▸ PROBLEM DETAILS: Instruction for the entries that follow: retype exactly the lines from the line with "exprn_gt0 ?vnorm_gt0 ?trmx_eq0." to the line with "Lemma lambda_min_le x", both included, and omit all others.

[Opening DATA EXTRACTS section]

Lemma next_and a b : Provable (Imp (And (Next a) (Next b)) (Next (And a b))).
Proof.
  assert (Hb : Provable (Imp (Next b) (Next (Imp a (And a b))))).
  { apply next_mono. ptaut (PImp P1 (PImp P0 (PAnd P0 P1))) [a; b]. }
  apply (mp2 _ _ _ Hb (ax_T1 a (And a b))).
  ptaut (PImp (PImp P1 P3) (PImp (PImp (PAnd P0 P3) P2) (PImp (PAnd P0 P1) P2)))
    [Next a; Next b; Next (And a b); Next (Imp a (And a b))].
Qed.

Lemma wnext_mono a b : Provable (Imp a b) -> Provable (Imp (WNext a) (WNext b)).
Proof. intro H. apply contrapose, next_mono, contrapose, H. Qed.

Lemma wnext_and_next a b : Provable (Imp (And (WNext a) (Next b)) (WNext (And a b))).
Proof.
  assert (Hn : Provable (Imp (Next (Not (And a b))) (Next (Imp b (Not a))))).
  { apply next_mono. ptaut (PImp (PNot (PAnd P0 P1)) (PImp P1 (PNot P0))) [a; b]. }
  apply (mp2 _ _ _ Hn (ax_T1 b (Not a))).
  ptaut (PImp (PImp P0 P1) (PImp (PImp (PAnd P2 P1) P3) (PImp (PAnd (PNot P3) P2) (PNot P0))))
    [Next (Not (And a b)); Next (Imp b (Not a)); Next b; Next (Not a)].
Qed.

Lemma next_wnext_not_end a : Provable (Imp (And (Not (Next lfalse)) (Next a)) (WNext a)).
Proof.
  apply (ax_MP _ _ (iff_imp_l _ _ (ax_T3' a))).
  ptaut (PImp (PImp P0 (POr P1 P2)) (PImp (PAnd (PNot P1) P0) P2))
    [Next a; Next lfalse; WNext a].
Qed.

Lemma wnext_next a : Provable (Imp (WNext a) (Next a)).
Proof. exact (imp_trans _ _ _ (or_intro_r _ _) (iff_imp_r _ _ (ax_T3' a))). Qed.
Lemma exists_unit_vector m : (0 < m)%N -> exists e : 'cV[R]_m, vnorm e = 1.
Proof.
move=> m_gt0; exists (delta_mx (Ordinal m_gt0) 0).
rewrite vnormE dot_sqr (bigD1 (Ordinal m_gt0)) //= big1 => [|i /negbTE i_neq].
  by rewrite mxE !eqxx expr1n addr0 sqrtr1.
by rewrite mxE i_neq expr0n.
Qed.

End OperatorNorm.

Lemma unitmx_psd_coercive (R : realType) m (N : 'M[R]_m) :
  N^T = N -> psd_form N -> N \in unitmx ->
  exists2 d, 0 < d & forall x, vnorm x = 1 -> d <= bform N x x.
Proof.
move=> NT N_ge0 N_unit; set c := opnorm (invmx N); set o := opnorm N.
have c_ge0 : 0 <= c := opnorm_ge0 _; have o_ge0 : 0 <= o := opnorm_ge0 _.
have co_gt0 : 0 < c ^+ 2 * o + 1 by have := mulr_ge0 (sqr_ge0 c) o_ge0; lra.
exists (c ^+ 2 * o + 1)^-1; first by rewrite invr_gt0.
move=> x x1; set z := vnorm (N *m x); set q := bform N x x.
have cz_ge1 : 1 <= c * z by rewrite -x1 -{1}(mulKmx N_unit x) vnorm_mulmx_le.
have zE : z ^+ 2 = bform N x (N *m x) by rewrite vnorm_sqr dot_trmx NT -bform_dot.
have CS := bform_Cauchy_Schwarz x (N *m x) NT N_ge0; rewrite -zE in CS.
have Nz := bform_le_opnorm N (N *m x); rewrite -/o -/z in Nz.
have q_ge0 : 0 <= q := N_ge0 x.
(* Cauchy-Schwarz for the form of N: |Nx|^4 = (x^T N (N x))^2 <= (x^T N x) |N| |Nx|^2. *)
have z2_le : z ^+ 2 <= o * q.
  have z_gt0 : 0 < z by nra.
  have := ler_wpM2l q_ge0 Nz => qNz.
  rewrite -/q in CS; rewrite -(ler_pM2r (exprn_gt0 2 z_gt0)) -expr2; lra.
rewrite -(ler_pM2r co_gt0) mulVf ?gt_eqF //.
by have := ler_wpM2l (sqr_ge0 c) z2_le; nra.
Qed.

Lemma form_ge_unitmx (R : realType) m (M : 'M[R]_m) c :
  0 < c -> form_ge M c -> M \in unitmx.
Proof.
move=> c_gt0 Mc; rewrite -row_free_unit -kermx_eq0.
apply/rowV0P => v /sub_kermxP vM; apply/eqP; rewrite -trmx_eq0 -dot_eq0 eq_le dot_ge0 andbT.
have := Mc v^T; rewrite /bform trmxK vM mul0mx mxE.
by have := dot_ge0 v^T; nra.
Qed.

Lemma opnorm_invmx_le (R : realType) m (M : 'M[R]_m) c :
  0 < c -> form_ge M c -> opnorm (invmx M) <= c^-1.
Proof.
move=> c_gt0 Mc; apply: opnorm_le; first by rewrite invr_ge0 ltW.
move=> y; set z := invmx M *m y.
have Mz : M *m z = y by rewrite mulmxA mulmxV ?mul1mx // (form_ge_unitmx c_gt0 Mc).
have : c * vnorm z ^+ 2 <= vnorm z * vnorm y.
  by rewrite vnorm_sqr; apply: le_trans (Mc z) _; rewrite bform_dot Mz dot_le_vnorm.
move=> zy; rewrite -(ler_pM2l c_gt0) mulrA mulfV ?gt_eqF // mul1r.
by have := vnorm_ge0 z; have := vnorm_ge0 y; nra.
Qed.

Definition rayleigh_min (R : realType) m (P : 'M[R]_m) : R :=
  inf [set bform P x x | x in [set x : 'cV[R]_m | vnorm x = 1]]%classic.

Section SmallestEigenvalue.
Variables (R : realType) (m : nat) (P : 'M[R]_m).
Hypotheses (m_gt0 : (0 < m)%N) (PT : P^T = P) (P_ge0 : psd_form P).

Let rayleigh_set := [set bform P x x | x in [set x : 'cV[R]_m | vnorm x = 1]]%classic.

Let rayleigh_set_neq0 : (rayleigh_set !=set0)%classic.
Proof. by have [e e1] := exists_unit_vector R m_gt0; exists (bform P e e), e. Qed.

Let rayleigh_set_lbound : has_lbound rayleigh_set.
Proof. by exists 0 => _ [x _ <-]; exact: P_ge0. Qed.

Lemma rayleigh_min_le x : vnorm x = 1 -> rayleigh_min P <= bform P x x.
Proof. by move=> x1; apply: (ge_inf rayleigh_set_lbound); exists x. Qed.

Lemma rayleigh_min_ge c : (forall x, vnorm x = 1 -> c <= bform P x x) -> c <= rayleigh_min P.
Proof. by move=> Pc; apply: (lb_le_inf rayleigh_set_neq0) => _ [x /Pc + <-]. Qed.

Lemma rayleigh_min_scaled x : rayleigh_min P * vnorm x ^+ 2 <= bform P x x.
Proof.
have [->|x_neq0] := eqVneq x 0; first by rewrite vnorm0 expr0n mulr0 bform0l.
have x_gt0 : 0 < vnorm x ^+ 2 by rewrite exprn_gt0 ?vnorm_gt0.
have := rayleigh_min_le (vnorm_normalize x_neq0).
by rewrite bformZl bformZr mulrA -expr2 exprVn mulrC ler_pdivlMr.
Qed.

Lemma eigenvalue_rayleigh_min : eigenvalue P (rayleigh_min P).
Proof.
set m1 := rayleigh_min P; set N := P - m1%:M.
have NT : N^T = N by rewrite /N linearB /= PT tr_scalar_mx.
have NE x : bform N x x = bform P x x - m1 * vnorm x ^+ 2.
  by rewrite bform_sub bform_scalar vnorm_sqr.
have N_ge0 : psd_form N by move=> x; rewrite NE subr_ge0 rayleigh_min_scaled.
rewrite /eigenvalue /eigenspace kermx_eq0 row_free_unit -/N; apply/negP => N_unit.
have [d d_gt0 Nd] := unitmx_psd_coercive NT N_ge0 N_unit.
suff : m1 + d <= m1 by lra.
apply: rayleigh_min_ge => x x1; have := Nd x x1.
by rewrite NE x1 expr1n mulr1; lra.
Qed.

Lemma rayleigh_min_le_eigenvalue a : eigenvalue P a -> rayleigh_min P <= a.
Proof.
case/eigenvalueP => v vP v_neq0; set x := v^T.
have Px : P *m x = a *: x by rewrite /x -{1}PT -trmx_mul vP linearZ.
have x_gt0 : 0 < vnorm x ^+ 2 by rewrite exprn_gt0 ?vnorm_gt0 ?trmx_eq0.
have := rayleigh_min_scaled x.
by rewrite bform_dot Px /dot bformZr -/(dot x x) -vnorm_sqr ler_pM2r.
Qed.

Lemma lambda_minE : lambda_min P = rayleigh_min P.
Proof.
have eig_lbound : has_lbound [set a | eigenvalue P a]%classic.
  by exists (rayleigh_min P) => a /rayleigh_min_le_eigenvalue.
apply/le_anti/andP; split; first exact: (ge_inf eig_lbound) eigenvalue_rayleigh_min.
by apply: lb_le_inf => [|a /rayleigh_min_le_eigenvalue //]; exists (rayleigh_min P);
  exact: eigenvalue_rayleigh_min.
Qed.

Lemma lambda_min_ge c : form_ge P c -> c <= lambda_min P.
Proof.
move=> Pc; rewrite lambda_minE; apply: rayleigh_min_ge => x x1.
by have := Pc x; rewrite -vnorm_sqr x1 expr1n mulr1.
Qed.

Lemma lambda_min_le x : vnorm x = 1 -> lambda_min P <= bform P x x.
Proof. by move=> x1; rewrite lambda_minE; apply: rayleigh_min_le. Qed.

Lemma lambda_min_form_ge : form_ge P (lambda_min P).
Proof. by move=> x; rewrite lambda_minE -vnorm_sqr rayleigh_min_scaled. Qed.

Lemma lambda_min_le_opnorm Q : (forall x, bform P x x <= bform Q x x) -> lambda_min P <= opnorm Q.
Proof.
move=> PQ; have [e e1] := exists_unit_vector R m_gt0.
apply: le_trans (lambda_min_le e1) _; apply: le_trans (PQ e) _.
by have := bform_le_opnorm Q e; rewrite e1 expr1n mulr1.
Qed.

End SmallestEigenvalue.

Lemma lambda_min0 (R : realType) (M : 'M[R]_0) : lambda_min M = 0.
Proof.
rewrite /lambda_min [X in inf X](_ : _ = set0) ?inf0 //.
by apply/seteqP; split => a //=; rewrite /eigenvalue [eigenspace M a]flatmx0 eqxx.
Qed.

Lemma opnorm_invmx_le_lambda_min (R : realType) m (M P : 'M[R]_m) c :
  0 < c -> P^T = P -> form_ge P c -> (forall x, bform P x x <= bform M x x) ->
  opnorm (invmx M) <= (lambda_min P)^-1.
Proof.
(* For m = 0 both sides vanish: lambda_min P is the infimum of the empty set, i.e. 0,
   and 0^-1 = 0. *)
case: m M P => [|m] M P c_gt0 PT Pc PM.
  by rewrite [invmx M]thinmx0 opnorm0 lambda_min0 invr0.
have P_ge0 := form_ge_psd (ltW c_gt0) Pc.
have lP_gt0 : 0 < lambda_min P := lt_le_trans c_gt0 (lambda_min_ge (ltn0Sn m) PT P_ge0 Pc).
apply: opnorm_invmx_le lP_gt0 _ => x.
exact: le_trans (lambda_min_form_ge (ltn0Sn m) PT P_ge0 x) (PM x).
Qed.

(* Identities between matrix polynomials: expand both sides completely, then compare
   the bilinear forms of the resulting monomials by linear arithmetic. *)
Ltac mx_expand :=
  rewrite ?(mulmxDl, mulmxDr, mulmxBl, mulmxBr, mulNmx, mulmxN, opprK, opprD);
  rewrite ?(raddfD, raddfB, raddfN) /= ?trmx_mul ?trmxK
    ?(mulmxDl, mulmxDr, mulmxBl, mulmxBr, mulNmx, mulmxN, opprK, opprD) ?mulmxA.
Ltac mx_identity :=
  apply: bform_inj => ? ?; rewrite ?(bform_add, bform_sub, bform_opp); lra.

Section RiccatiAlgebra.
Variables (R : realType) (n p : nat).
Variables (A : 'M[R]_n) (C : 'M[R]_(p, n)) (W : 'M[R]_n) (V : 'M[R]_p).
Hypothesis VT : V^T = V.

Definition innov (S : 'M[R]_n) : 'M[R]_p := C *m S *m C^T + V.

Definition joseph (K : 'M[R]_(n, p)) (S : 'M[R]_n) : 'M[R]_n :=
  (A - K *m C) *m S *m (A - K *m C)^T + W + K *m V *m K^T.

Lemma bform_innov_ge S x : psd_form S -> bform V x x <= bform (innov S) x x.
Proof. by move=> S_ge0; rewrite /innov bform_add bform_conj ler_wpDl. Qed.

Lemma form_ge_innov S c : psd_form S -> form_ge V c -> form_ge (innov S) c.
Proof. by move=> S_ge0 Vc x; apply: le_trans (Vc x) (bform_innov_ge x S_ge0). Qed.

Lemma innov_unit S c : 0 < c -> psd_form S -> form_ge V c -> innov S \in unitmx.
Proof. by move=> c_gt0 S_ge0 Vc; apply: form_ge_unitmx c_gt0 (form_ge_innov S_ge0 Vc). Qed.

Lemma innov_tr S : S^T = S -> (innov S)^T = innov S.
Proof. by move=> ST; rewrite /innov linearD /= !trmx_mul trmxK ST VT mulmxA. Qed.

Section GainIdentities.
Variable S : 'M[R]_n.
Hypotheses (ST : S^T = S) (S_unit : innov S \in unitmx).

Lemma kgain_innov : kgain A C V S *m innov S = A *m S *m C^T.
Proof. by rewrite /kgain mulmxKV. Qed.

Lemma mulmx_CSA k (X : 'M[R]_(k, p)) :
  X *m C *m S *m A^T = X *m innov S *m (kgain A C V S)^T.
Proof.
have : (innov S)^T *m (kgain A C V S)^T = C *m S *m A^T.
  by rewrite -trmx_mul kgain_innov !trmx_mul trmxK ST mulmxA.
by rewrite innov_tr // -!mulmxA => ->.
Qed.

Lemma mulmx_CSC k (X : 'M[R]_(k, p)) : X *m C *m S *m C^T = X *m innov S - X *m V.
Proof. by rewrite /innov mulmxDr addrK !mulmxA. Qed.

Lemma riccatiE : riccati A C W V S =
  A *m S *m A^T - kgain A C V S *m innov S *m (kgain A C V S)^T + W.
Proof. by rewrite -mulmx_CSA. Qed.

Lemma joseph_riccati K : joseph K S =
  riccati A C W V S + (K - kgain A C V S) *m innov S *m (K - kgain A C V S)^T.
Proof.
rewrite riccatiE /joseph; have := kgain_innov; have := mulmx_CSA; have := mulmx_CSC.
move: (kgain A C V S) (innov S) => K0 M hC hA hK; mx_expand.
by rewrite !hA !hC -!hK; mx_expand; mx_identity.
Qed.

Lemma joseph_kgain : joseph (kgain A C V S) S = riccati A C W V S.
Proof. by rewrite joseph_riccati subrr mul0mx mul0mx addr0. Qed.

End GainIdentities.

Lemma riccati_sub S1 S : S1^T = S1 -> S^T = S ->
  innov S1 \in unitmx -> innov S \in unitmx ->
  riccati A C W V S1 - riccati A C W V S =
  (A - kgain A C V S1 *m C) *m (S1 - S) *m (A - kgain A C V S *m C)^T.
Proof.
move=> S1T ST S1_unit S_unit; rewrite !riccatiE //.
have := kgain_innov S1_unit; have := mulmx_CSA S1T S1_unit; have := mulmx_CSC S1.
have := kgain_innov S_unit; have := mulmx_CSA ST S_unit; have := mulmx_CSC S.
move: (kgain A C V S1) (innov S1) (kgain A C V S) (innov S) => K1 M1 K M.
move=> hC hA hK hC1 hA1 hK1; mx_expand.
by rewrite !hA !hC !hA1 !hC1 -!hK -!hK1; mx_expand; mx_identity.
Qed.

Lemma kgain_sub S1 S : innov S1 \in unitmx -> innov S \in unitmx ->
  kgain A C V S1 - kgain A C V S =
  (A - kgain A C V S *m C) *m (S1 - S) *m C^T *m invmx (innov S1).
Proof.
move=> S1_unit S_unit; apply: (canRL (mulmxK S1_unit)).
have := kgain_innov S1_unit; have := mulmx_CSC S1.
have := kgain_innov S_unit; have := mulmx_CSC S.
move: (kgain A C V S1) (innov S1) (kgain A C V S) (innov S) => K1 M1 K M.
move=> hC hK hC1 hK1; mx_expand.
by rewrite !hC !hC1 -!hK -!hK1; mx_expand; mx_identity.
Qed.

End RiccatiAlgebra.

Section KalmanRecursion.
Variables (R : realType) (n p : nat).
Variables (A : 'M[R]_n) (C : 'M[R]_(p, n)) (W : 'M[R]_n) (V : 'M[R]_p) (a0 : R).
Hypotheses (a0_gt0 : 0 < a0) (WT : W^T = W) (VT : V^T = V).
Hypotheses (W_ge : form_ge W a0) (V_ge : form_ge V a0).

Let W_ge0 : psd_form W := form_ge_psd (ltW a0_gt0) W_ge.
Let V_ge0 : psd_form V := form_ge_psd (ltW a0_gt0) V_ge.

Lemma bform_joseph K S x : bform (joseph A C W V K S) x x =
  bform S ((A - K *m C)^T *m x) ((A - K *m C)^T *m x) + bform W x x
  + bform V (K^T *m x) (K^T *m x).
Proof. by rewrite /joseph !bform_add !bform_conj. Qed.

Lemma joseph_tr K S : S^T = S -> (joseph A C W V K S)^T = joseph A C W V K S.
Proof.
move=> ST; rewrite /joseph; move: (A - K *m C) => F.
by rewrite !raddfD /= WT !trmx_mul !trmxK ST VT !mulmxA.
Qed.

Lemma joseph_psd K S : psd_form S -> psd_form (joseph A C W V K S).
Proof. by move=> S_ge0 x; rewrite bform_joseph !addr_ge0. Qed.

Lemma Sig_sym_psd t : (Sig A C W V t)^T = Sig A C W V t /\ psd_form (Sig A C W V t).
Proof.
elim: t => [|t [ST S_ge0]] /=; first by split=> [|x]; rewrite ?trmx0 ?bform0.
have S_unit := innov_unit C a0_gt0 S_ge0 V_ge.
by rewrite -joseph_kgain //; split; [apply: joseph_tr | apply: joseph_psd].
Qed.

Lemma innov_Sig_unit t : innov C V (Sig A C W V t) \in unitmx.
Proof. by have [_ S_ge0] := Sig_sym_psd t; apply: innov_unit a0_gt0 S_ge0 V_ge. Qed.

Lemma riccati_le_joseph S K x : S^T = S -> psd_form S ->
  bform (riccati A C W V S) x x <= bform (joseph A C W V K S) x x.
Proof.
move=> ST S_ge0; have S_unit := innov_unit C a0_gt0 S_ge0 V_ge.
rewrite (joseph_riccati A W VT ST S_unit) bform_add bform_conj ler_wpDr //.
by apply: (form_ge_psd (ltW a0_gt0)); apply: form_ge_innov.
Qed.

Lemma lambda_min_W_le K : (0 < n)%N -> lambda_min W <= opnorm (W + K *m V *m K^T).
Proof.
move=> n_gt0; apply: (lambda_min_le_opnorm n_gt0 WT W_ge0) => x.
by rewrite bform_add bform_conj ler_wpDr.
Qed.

[Closing DATA EXTRACTS section]

▸ RESPONSE TO THE TASK:
have x_gt0 : 0 < vnorm x ^+ 2 by rewrite exprn_gt0 ?vnorm_gt0 ?trmx_eq0.
have := rayleigh_min_scaled x.
by rewrite bform_dot Px /dot bformZr -/(dot x x) -vnorm_sqr ler_pM2r.
Qed.

Lemma lambda_minE : lambda_min P = rayleigh_min P.
Proof.
have eig_lbound : has_lbound [set a | eigenvalue P a]%classic.
  by exists (rayleigh_min P) => a /rayleigh_min_le_eigenvalue.
apply/le_anti/andP; split; first exact: (ge_inf eig_lbound) eigenvalue_rayleigh_min.
by apply: lb_le_inf => [|a /rayleigh_min_le_eigenvalue //]; exists (rayleigh_min P);
  exact: eigenvalue_rayleigh_min.
Qed.

Lemma lambda_min_ge c : form_ge P c -> c <= lambda_min P.
Proof.
move=> Pc; rewrite lambda_minE; apply: rayleigh_min_ge => x x1.
by have := Pc x; rewrite -vnorm_sqr x1 expr1n mulr1.
Qed.

Lemma lambda_min_le x : vnorm x = 1 -> lambda_min P <= bform P x x.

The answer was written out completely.